At the beginning of the stroke, the mechanically actuated inlet valve (and piston) will close. As the piston rod moves forward, the liquid is forced out through the discharge valves. Simultaneously, the liquid is entering the pump inlet and flowing in behind the inlet valve. As the piston rod begins the backward stroke, the inlet valve mechanically opens, permitting the liquid to continue its flow forward through the piston into the discharge chamber, until the stroke is completed.

Note: The spring tension on the discharge valves requires a minimum of 100 PSI discharge pressure to properly activate the valves


Plunger Pump "Direct Flow" Design


The spring-reinforced, preset packing design of the plunger pumps permits significantly greater pressures than piston pumps. The plunger pumps also offer tremendous versatility with optional direct coupling drives and wet-end material options.

Like the piston pumps, the design of the plunger pump also allows for forward liquid flow, however, both the inlet and discharge valves are spring-loaded closed and hydraulically opened.

At the beginning of the stroke, the plunger displaces the liquid in the manifold chamber and forces the discharge valve open.

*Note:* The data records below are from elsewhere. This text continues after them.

Lemma delta_no_proper (Q : quiver) (v : Q0 Q) (U : forall w, 'M[CC]_(delta v w)) :
  ~ proper_nonzero U.
Proof.
move=> [[w Uw] [u Uu]].
move: (subdim_le U w) (subdim_le U u) Uw Uu; rewrite /delta.
by case: (eqVneq w v) => [->|_]; case: (eqVneq u v) => [->|_] /=; lia.
Qed.

Lemma delta_stabilizer_scalar (Q : quiver) (v : Q0 Q) (A : GLd (delta v)) : is_scalar A.
Proof.
exists (\tr (sval A v)) => w; case: (eqVneq w v) => [->|wv].
  by apply: mx_dim1_scalar; rewrite /delta eqxx.
by apply: mx_dim0_eq; left; rewrite /delta (negbTE wv).
Qed.

Lemma sum_sqr_ge2 (Q : quiver) (d : dimvec Q) :
  dimvec_nonzero d -> (forall v, d <> delta v) -> (2 <= \sum_v d v * d v)%N.
Proof.
move=> [w dw] not_delta; rewrite (bigD1 w) //=.
have [dw2|dw_lt2] := leqP 2 (d w); first by nia.
have dw1 : d w = 1%N by lia.
have [u] := dimvec_neq_delta (not_delta w); rewrite /delta.
have [->|uw] := eqVneq u w; first by rewrite dw1.
by rewrite (bigD1 u) //=; lia.
Qed.

Definition edgeless_support (Q : quiver) (d : dimvec Q) : Prop :=
  forall e : Q1 Q, d (qtail e) = 0%N \/ d (qhead e) = 0%N.

Lemma delta_edgeless (Q : quiver) (v : Q0 Q) :
  no_oriented_cycles Q -> edgeless_support (delta v).
Proof.
move=> acyclic e; have /= no_loop := acyclic e [::] isT; rewrite /delta.
by case: (eqVneq (qtail e) v) => [<-|_]; [right; rewrite (negbTE no_loop) | left].
Qed.

Definition GLd1 (Q : quiver) (d : dimvec Q) : GLd d :=
  exist (fun A : forall v, 'M[CC]_(d v) => forall v, A v \in unitmx)
    (fun v => 1%:M) (fun v => unitmx1 _ _).

Section EdgelessSupport.
Variables (Q : quiver) (d : dimvec Q).
Hypothesis d_edgeless : edgeless_support d.

Lemma repspace_edgeless_eq (B B' : repspace d) : B = B'.
Proof. by apply: functional_extensionality_dep => e; apply/mx_dim0_eq/d_edgeless. Qed.

Lemma subrep_edgeless (B : repspace d) U : subrep B U.
Proof. by move=> e; rewrite (mx_dim0_eq (U _ *m B e) 0 (d_edgeless e)) sub0mx. Qed.

Lemma chi_edgeless : chi d d = 2 * (\sum_v d v * d v)%N%:Z.
Proof.
rewrite /chi /chiQ [\sum_(e : Q1 Q) _]big1 => [|e _]; last first.
  by case: (d_edgeless e) => ->; rewrite ?muln0.
by rewrite subr0 -(big_morph Posz PoszD (erefl 0%:Z)); lia.
Qed.

Lemma substack_point_edgeless (S : repspace d -> Prop) :
  (exists B, S B) -> (forall A : GLd d, is_scalar A) -> substack_point S.
Proof.
move=> S_ne all_scalar; split=> //.
split=> [B B' _ _|B A _ _]; last exact: all_scalar.
by exists (GLd1 d); apply: repspace_edgeless_eq.
Qed.

End EdgelessSupport.

Section Stability.
Variables (Q : quiver) (mu : Q0 Q -> RR).

Lemma stable_semistable (d : dimvec Q) (B : repspace d) :
  stable mu B -> semistable mu B.
Proof. by move=> [d_nz B_st]; split=> // U subU propU; apply/ltW/B_st. Qed.

Lemma delta_stable (v : Q0 Q) (B : repspace (delta v)) : stable mu B.
Proof. by split=> [|U _ /delta_no_proper]; first by exists v; rewrite /delta eqxx. Qed.

Section SingleSlope.
Variables (d : dimvec Q) (t : RR).
Hypothesis d_single_slope : forall v, d v != 0%N -> mu v = t.

Lemma single_slope_edgeless : increasing mu -> edgeless_support d.
Proof.
move=> mu_incr e; have [|dt] := eqVneq (d (qtail e)) 0%N; first by left.
have [|dh] := eqVneq (d (qhead e)) 0%N; first by right.
by have := mu_incr e; rewrite !d_single_slope // ltxx.
Qed.

Lemma single_slope_proper (U : forall v, 'M[CC]_(d v)) : proper_nonzero U ->
  slope mu (subdim U) = t /\ slope mu (quotdim U) = t.
Proof.
move=> /proper_nonzero_dims [sub_nz quot_nz]; split; apply: slope_const => // v.
  move=> Uv; apply: d_single_slope; apply: contraNneq Uv => dv0.
  by rewrite -leqn0 -dv0 subdim_le.
by rewrite /quotdim => /eqP; case: (eqVneq (d v) 0%N) => [->|/d_single_slope].
Qed.

Lemma single_slope_semistable (B : repspace d) : dimvec_nonzero d -> semistable mu B.
Proof.
by move=> d_nz; split=> // U _ /single_slope_proper [-> ->].
Qed.

Lemma single_slope_not_stable (B : repspace d) :
  increasing mu -> (forall v, d <> delta v) -> ~ stable mu B.
Proof.
move=> mu_incr not_delta [[w dw] B_st].
have sub_line := subrep_edgeless (single_slope_edgeless mu_incr) B (line_at d w).
have prop_line := proper_line_at dw (not_delta w).
have := B_st _ sub_line prop_line.
by have [-> ->] := single_slope_proper prop_line; rewrite ltxx.
Qed.

End SingleSlope.

Section TwoSlopes.
Variable d : dimvec Q.
Hypothesis mu_incr : increasing mu.

Definition slope_filtration (m : RR) : forall v, 'M[CC]_(d v) :=
  fun v => if m <= mu v then 1%:M else 0.

Lemma subrep_slope_filtration (B : repspace d) m : subrep B (slope_filtration m).
Proof.
move=> e; rewrite /slope_filtration; case: ifP => [m_le|_]; last by rewrite mul0mx sub0mx.
by rewrite ifT ?submx1 // (le_trans m_le) ?ltW.
Qed.

Lemma subdim_slope_filtration m v :
  subdim (slope_filtration m) v = if m <= mu v then d v else 0%N.
Proof. by rewrite /subdim /slope_filtration; case: ifP; rewrite ?mxrank1 ?mxrank0. Qed.

Lemma quotdim_slope_filtration m v :
  quotdim (slope_filtration m) v = if m <= mu v then 0%N else d v.
Proof. by rewrite /quotdim subdim_slope_filtration; case: ifP; rewrite ?subnn ?subn0. Qed.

There is a split second at the end of the stroke when both inlet and discharge valves are closed.

As the plunger rod begins its backward stroke, the inlet valve opens to allow more liquid into the manifold chamber, thereby keeping a smooth forward flow of liquid.

Note: The spring tension on the discharge valves requires a minimum of 100 PSI discharge pressure to properly activate the valves.


SF Plunger Pumps "Superflow" Design


In the SF pumps, both the inlet and discharge valves are spring-loaded closed and hydraulically opened, just like the plunger pumps, however, they have a flow- through ceramic plunger design.

The continuous forward flow characteristic of the piston pumps is utilized in conjunction with the packing design of the plunger pumps. These features give the SF pumps strong suction capabilities and higher pressure performances.

At the beginning of the stroke, the inlet valve is closed against the ceramic plungers and the flow is forced out through the discharge valves.

As the plunger rod begins its backward stroke, the inlet valve opens [moves away from the ceramic plunger] and allows the inlet flow to enter the manifold chamber through the holes in the ceramic plunger.
Note: The spring tension on the discharge valves requires a minimum of 100 PSI discharge pressure to properly activate the valves.